Why? Because Things Go Wrong at Scale

Most of the time, we solve the state management problem by simply creating stateless services. Of course, the state goes somewhere... but we push that work as far down to the authoritative store as possible.

The problem is, at some point the system you're working on is that authoritative store. It's writing bytes to disk, or orchestrating an in-progress job, or holding a lock on a sensor, or something.

And when things to wrong—and they will—you won't always be able to reproduce the issue elsewhere. Sometimes the conditions take days to trigger. Sometimes it takes a very specific combination of steps between actors that is more likely to happen in production.

Whatever the reason, sometimes the production box currently facing the issue is the only specimen available for you to diagnose. At that point, the only thing for you to do is remove the machine from the LB rotation and fire up those ops tools!

Network CLI Magic in Three Files

Here's an excerpt from a sample application showing how easy it is to add a telnet interface to a JVM application using Vert.x.

  • ShellVerticle.kt spins up the telnet interface.
  • WebVerticle.kt spins up a simple web server that modifies a bit of state with each request, and registers a command with the shell to reflect that state.
  • VertxPlaygroundMain.kt is the entrypoint for the application which mounts these two verticles.

We can see this in action:

From top to bottom:

  • Window 1 is running the application
  • Window 2 is sending a curl request to http://localhost:8080 every 2 seconds, slowly incrementing our request count
  • Window 3 is our interactive telnet session, where we run the request-count we registered in WebVerticle.kt.
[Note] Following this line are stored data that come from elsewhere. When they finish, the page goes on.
(** The θ-terms cancel in these combinations of frame components, for every [t]. *)
Lemma intrinsic_torsion_frame t :
  intrinsic_torsion1 A C VA VB VD = frame_torsion t 0 2 3 /\
  intrinsic_torsion2 A C VA VB VC VD = 2 * frame_torsion t 0 1 3 - frame_torsion t 1 2 3 /\
  intrinsic_torsion3 A C VA VB VC VD =
    frame_torsion t 0 0 3 + 3 * frame_torsion t 0 1 2 - 2 * frame_torsion t 1 1 3
    + frame_torsion t 2 2 3 /\
  intrinsic_torsion4 A VA VB VC =
    - 2 * frame_torsion t 0 0 2 + frame_torsion t 1 0 3 + 3 * frame_torsion t 1 1 2
    - 2 * frame_torsion t 2 1 3 + frame_torsion t 3 2 3.
Proof.
  unfold intrinsic_torsion1, intrinsic_torsion2, intrinsic_torsion3, intrinsic_torsion4,
    frame_torsion, frame_comp, torsion, dhval, hval, sum4, g3basis.
  repeat split; ring.
Qed.

Lemma intrinsic_torsion_vanishes_of_torsion0 t :
  (forall a c d, (a < 4)%nat -> (c < d)%nat -> (d < 4)%nat -> torsion t a c d = 0) ->
  intrinsic_torsion_vanishes A C VA VB VC VD.
Proof.
  intro Ht.
  assert (H0 : forall a i j, (a < 4)%nat -> frame_torsion t a i j = 0).
  { intros a i j Ha. apply frame_torsion_eq0. intros c d. now apply Ht. }
  unfold intrinsic_torsion_vanishes.
  destruct (intrinsic_torsion_frame t) as (-> & -> & -> & ->).
  rewrite !H0 by lia. lra.
Qed.

Definition connection (k c : nat) : R :=
  sum4 (fun i => frame_connection A VA VB VC k i * hval i c).

(** Since [η^i(∂_c) = h i c], this says [dη + θ ∧ η = intrinsic_form] in the coframe. *)
Lemma torsion_connection a c d : (a < 4)%nat -> (c < d)%nat -> (d < 4)%nat ->
  torsion connection a c d =
  sum4 (fun i => sum4 (fun j => hval i c * hval j d *
    intrinsic_form (intrinsic_torsion1 A C VA VB VD) (intrinsic_torsion2 A C VA VB VC VD)
      (intrinsic_torsion3 A C VA VB VC VD) (intrinsic_torsion4 A VA VB VC) a i j)).
Proof.
  intros Ha Hcd Hd.
  destruct a as [|[|[|[|a]]]]; try lia; destruct d as [|[|[|[|d]]]]; try lia;
    destruct c as [|[|[|c]]]; try lia;
    unfold intrinsic_torsion1, intrinsic_torsion2, intrinsic_torsion3, intrinsic_torsion4,
      intrinsic_form, torsion, connection, frame_connection, frame_comp, dhval, hval, sum4, g3basis;
    field.
Qed.

Lemma torsion_connection_eq0 a c d : (a < 4)%nat -> (c < d)%nat -> (d < 4)%nat ->
  intrinsic_torsion_vanishes A C VA VB VC VD -> torsion connection a c d = 0.
Proof.
  intros Ha Hcd Hd (H1 & H2 & H3 & H4).
  rewrite torsion_connection, H1, H2, H3, H4 by assumption.
  apply sum4_eq0. intros i _. apply sum4_eq0. intros j _.
  rewrite intrinsic_form0. ring.
Qed.

End Pointwise.

Lemma pd_hmat (A B C D : pt -> R) c a d p :
  pd c (hmat A B C D a d) p =
  dhval (fun i => pd i A p) (fun i => pd i B p) (fun i => pd i C p) (fun i => pd i D p) c a d.
Proof.
  destruct a as [|[|[|[|a]]]]; destruct d as [|[|[|[|d]]]];
    first [reflexivity | apply pd_const].
Qed.

Lemma structure_equation_iff_torsion0 (A B C D : pt -> R) (t : nat -> nat -> pt -> R) p a c d :
  pd c (hmat A B C D a d) p - pd d (hmat A B C D a c) p =
    - sum4 (fun b => sum4 (fun k => t k c p * g3basis k a b) * hmat A B C D b d p
                     - sum4 (fun k => t k d p * g3basis k a b) * hmat A B C D b c p) <->
  torsion (A p) (B p) (C p) (D p) (fun i => pd i A p) (fun i => pd i B p)
    (fun i => pd i C p) (fun i => pd i D p) (fun k e => t k e p) a c d = 0.
Proof.
  rewrite !pd_hmat. unfold torsion, hval, hmat. split; intro; lra.
Qed.

Ltac smooth_tac :=
  repeat first [ assumption | apply smooth_on_const | apply smooth_on_plus | apply smooth_on_minus
               | apply smooth_on_opp | apply smooth_on_mult | apply smooth_on_pow ].

Section SmoothWitness.

Variables (U : pt -> Prop) (A B C D : pt -> R).
Hypotheses (U_open : is_open U) (HA : smooth_on U A) (HB : smooth_on U B)
  (HC : smooth_on U C) (HD : smooth_on U D).

Lemma smooth_on_hmat a b : smooth_on U (hmat A B C D a b).
Proof.
  destruct a as [|[|[|[|a]]]]; destruct b as [|[|[|[|b]]]]; cbv beta iota delta [hmat]; smooth_tac.
Qed.

Lemma smooth_on_Vf f j : smooth_on U f -> smooth_on U (Vf A B C D j f).
Proof.
  intro Hf.
  destruct j as [|[|[|j]]]; cbv beta iota delta [Vf];
    repeat first [ apply smooth_on_pd; [exact U_open | lia | assumption] | progress smooth_tac ].
Qed.

Lemma smooth_on_frame_connection (VA VB VC : nat -> pt -> R) k i :
  (forall j, smooth_on U (VA j)) -> (forall j, smooth_on U (VB j)) ->
  (forall j, smooth_on U (VC j)) ->
  smooth_on U (fun p => frame_connection (A p) (fun j => VA j p) (fun j => VB j p)
                          (fun j => VC j p) k i).
Proof.
  intros HVA HVB HVC.
  destruct k as [|[|[|[|k]]]]; destruct i as [|[|[|[|i]]]];
    cbv beta iota delta [frame_connection]; unfold Rdiv;
    repeat first [ apply HVA | apply HVB | apply HVC | progress smooth_tac ].
Qed.

Lemma smooth_on_connection k c :
  smooth_on U (fun p => connection (A p) (B p) (C p) (D p)
                 (fun i => pd i A p) (fun i => pd i B p) (fun i => pd i C p) k c).
Proof.
  unfold connection. apply smooth_on_sum4. intro i.
  apply smooth_on_mult; [|apply smooth_on_hmat].
  apply (smooth_on_frame_connection (fun j => Vf A B C D j A) (fun j => Vf A B C D j B)
           (fun j => Vf A B C D j C)); intro j; apply smooth_on_Vf; assumption.
Qed.

End SmoothWitness.

Theorem theorem3 (U : pt -> Prop) (A B C D : pt -> R) :
  is_open U ->
  smooth_on U A -> smooth_on U B -> smooth_on U C -> smooth_on U D ->
  (torsion_free U (hmat A B C D) <->
   forall p, U p ->
     let V j f := Vf A B C D j f p in
     V 2%nat D - V 3%nat B - A p * V 2%nat B - C p * V 2%nat A + A p * V 3%nat A
       + A p ^ 2 * V 2%nat A = 0 /\
     2 * V 1%nat D - V 2%nat C - 2 * A p * V 1%nat B - V 3%nat A + A p * V 2%nat A
       + 2 * A p ^ 2 * V 1%nat A - 2 * C p * V 1%nat A = 0 /\
     V 0%nat D - 2 * V 1%nat C + 3 * V 1%nat B - A p * V 0%nat B - 2 * V 2%nat A
       - A p * V 1%nat A - C p * V 0%nat A + A p ^ 2 * V 0%nat A = 0 /\
     V 0%nat C - 2 * V 0%nat B + V 1%nat A + A p * V 0%nat A = 0).
Proof.
  intros HU HA HB HC HD. split.
  - intros [t [_ Ht]] p Hp.
    apply (intrinsic_torsion_vanishes_of_torsion0 (A p) (B p) (C p) (D p)
             (fun i => pd i A p) (fun i => pd i B p) (fun i => pd i C p) (fun i => pd i D p)
             (fun k c => t k c p)).
    intros a c d Ha Hcd Hd. apply structure_equation_iff_torsion0.
    exact (Ht p Hp a c d Ha Hcd Hd).
  - intro Hint.
    set (t k c p := connection (A p) (B p) (C p) (D p)
                      (fun i => pd i A p) (fun i => pd i B p) (fun i => pd i C p) k c).
    exists t. split.
    + intros k c _ _. now apply smooth_on_connection.
    + intros theta p Hp a c d Ha Hcd Hd. apply (structure_equation_iff_torsion0 A B C D t).
      apply torsion_connection_eq0; [assumption.. | exact (Hint p Hp)].
Qed.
It echos back the count at the time the command is processed.

Danger and Responsibility

While the above demo application merely reads a value from the service, it's equally possible to write them. This power comes with a burden of responsibility. You generally don't want to be making out-of-band, volatile configuration changes—ones that wouldn't last a restart—to your service. Such changes should usually go through a proper change management system to ensure consistency and auditability across the entire service fleet—especially in the face of restarts and future deployments.

But such changes can be carefully applied in a diagnostic context. For example, it's reasonable to manually enable a backpressure mechanism so a downstream load balancer drains existing and future traffic from your server, letting you diagnose the live machine without risking customer impact.

Conclusion

I hope this preview sparked your imagination of what's possible.
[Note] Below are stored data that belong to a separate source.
Lemma RInt_le_is_RInt_0_infty (l : R) : is_RInt_0_infty f l ->
  forall a b, 0 < a <= b -> RInt f a b <= l.
Proof.
intros Hl a b Hab; apply Rnot_lt_le; intro Hlt.
assert (He : 0 < RInt f a b - l) by lra.
destruct (Hl (ball l (mkposreal _ He)) (locally_ball _ _)) as [Q Q' HQ HQ' HQQ'].
apply at_right_0_iff in HQ; destruct HQ as [d [Hd HQ]]; destruct HQ' as [M HM].
set (a' := Rmin (a / 2) (d / 2)); set (b' := Rmax (b + 1) (M + 1)).
assert (Ha' : 0 < a' <= a /\ a' < d).
{ unfold a'; pose proof (Rmin_pos (a / 2) (d / 2)); pose proof (Rmin_l (a / 2) (d / 2));
  pose proof (Rmin_r (a / 2) (d / 2)); lra. }
assert (Hb' : b <= b' /\ M < b').
{ unfold b'; pose proof (Rmax_l (b + 1) (M + 1)); pose proof (Rmax_r (b + 1) (M + 1)); lra. }
destruct (HQQ' a' b' (HQ a' ltac:(lra)) (HM b' (proj2 Hb'))) as [y [Hy Hball]].
apply (is_RInt_unique (V := R_CompleteNormedModule)) in Hy; simpl in Hy; subst y.
pose proof (RInt_le_RInt_superinterval a b a' b' ltac:(lra) ltac:(lra)).
rewrite ball_R in Hball; apply Rabs_def2 in Hball; simpl in Hball; lra.
Qed.
Theorem proposition1p3 (K : Type) (A : PreAddCat) (E : Tri A -> Prop) :
  regular_cardinal K ->
  additive A ->
  accessible K A ->
  exact_structure E ->
  locally_coherent K E ->
  forall T : Tri A, E T ->
    presentable K (C := catOf A) (t1 T) ->
    presentable K (C := catOf A) (t3 T) ->
    presentable K (C := catOf A) (t2 T).
Proof.
move=> [infK _] _ _ exactE cohE T ET presX presZ.
have [D [iota [Ddir [DE colim]]]] := proj1 (cohE T) ET.
have [dir1 colim1] := (kdirected1 Ddir, colimit1 colim).
have [dir3 colim3] := (kdirected3 Ddir, colimit3 colim).
have [i1 [s a_s]] := (presX _ _ _ dir1 colim1).1 (aid (t1 T)).
have [i3 [t c_t]] := (presZ _ _ _ dir3 colim3).1 (aid (t3 T)).
have [k [le1 le3]] := kdirected_ub2 infK Ddir.2 i1 i3.
set s' := acomp (m1 (dmap D le1)) s; set t' := acomp (m3 (dmap D le3)) t.
have [co1 co3] := (cocone1 colim.1, cocone3 colim.1).
have a_s' : acomp (m1 (iota k)) s' = aid (t1 T) by rewrite acompA co1.
have c_t' : acomp (m3 (iota k)) t' = aid (t3 T) by rewrite acompA co3.
have [ESk [presXk _]] := DE k.
have [m [p [p' s'_eventually]]] : exists m (p p' : dle D k m),
    acomp (m1 (dmap D p)) (acomp s' (m1 (iota k))) = acomp (m1 (dmap D p')) (aid _).
  by apply: (presXk _ _ _ dir1 colim1).2; rewrite /= acompA a_s' acomp1l acomp1.
set sigma := acomp (m1 (dmap D p)) s'.
have sigma_a : acomp sigma (m1 (iota k)) = m1 (dmap D p').
  by rewrite -acompA s'_eventually acomp1.
have [psi [psi1 psi3]] := extend_trihom exactE ESk ET c_t' sigma_a.
have [r [r_b _]] : is_iso (C := catOf A) (m2 (TriComp (iota m) psi)).
  apply: trihom_id_ends_iso (adm_cokernel exactE ET) _ _ => /=.
  - by rewrite psi1 acompA co1.
  - by rewrite psi3 acompA co3.
apply: (presentable_retract (e := m2 psi) (r := acomp r (m2 (iota m)))).
  by rewrite -acompA.
by case: (DE m) => _ [_ []].
Qed.
(* Assume $d_2<h_2$ and that alternative (A) holds, namely: (i) $S_0,S_1,\dots,S_n$ are pairwise disjoint and their union is the set of all admissible $k$-words beginning with $b$; (ii) $\gamma=1$ and $\alpha_{i_1}=\cdots=\alpha_{i_n}=-1$; (iii) $B_1=\cdots=B_{n-1}$, this common block is simple, and $B_n$ differs from an initial segment of it exactly in the last symbol. Then $c^{11}_{d_1-i}=0$ for all integers $0<i<\delta$. If moreover $h_1\le h_2$, then $c^{21}_{d_1-i}=0$ for all integers $0\le i<\delta-r+1$.
   Context: Let $\mathcal{A}$ be a finite alphabet of $r$ symbols and $T=(T_{x,y})$ an irreducible $r\times r$ matrix with entries in $\{0,1\}$ (the directed graph on $\mathcal{A}$ with an edge $x\to y$ iff $T_{y,x}=1$ is strongly connected). An admissible $k$-word is a string $a_1\cdots a_k$ with $T_{a_{i+1},a_i}=1$ for all $i$. $V_k$ is the complex vector space with basis $\{[w]\}$ indexed by admissible $k$-words; $\psi_k:V_1\to V_k$ is linear with $\psi_k([a])$ the sum of $[w]$ over admissible $k$-words beginning with $a$; $T_k:V_k\to V_k$ is linear with $T_k([a_1\cdots a_k])=\sum[a_2\cdots a_kx]$ over symbols $x$ with $a_2\cdots a_kx$ admissible. For an admissible $k$-word $u=u_1\cdots u_k$, $h(u)$ is the least non-negative integer $h$ such that $u$ is the only admissible $k$-word beginning with $u_1\cdots u_{h+1}$. Fix admissible $(k+1)$-words $w_1=a_0\cdots a_k$, $w_2=b_0\cdots b_k$; put $d_1=h_1=h(a_1\cdots a_k)$, $h_2=h(b_1\cdots b_k)$. Let $W$ be the span of $\psi_k(V_1)$ and $T_k^i[a_1\cdots a_k]$, $0\le i\le d_1-1$ (these vectors together with the $\psi_k([a])$ form a basis of $W$, which is $T_k$-invariant). Let $d_2$ be the least non-negative integer with $T_k^{d_2}[b_1\cdots b_k]\in W$, and $\delta=h_2-d_2$. Write the unique expansion $T_k^{d_2}[b_1\cdots b_k]=\sum_{i=0}^{d_1-1}\alpha_iT_k^i[a_1\cdots a_k]+\psi_k(v)$, $v\in V_1$; let $b=b_{d_2+1}$, $\gamma$ the coefficient of $[b]$ in $v$, and $i_1<\cdots<i_n$ the indices with $\alpha_i\ne0$. Put $s_0=b_{d_2+1}\cdots b_{h_2+1}$, $s_m=a_{i_m+1}\cdots a_{h_1+1}$ ($1\le m\le n$), $S_m$ the set of admissible $k$-words beginning with $s_m$; blocks $B_m=a_{i_m+1}\cdots a_{i_{m+1}}$ ($1\le m\le n-1$), $B_n=a_{i_n+1}\cdots a_{h_1+1}$. A word is simple if it is not $A^e$ for a word $A$ and $e>1$. Correlation coefficients: for $0\le i\le d_1$, $c^{11}_{d_1-i}=1$ if $a_0a_1\cdots a_{k-i}=a_i\cdots a_k$ and $0$ otherwise; $c^{21}_{d_1-i}=1$ if $b_0\cdots b_{k-i}=a_i\cdots a_k$ and $0$ otherwise. *)

(* Vectors in V_k are modelled as finite functions on
   k-tuples over the alphabet with complex (algC) coefficients; all vectors
   used are supported on admissible k-words. *)
From HB Require Import structures.
From mathcomp Require Import all_boot all_order all_algebra all_field.
Set Implicit Arguments. Unset Strict Implicit. Unset Printing Implicit Defensive.
Import GRing.Theory Num.Theory.
Local Open Scope ring_scope.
  • Imagine being able to dynamically load and unload ephemeral workloads atop your service.
  • Imagine being able to manually issue commands to approve gated, potentially damaging operations.
  • Imagine being able to dynamically reconfigure your application to test failure scenarios in real time.
  • Imagine being able to tap into a live WebSocket connection to inspect and debug client-side state.

Vert.x makes adding operator interfaces to JVM applications trivially easy. Because Vert.x is implemented as a library rather than framework, adding it to an existing application is relatively simple regardless of your other technology choices. Once you have this in your tool-kit, you begin to see possibilities everywhere.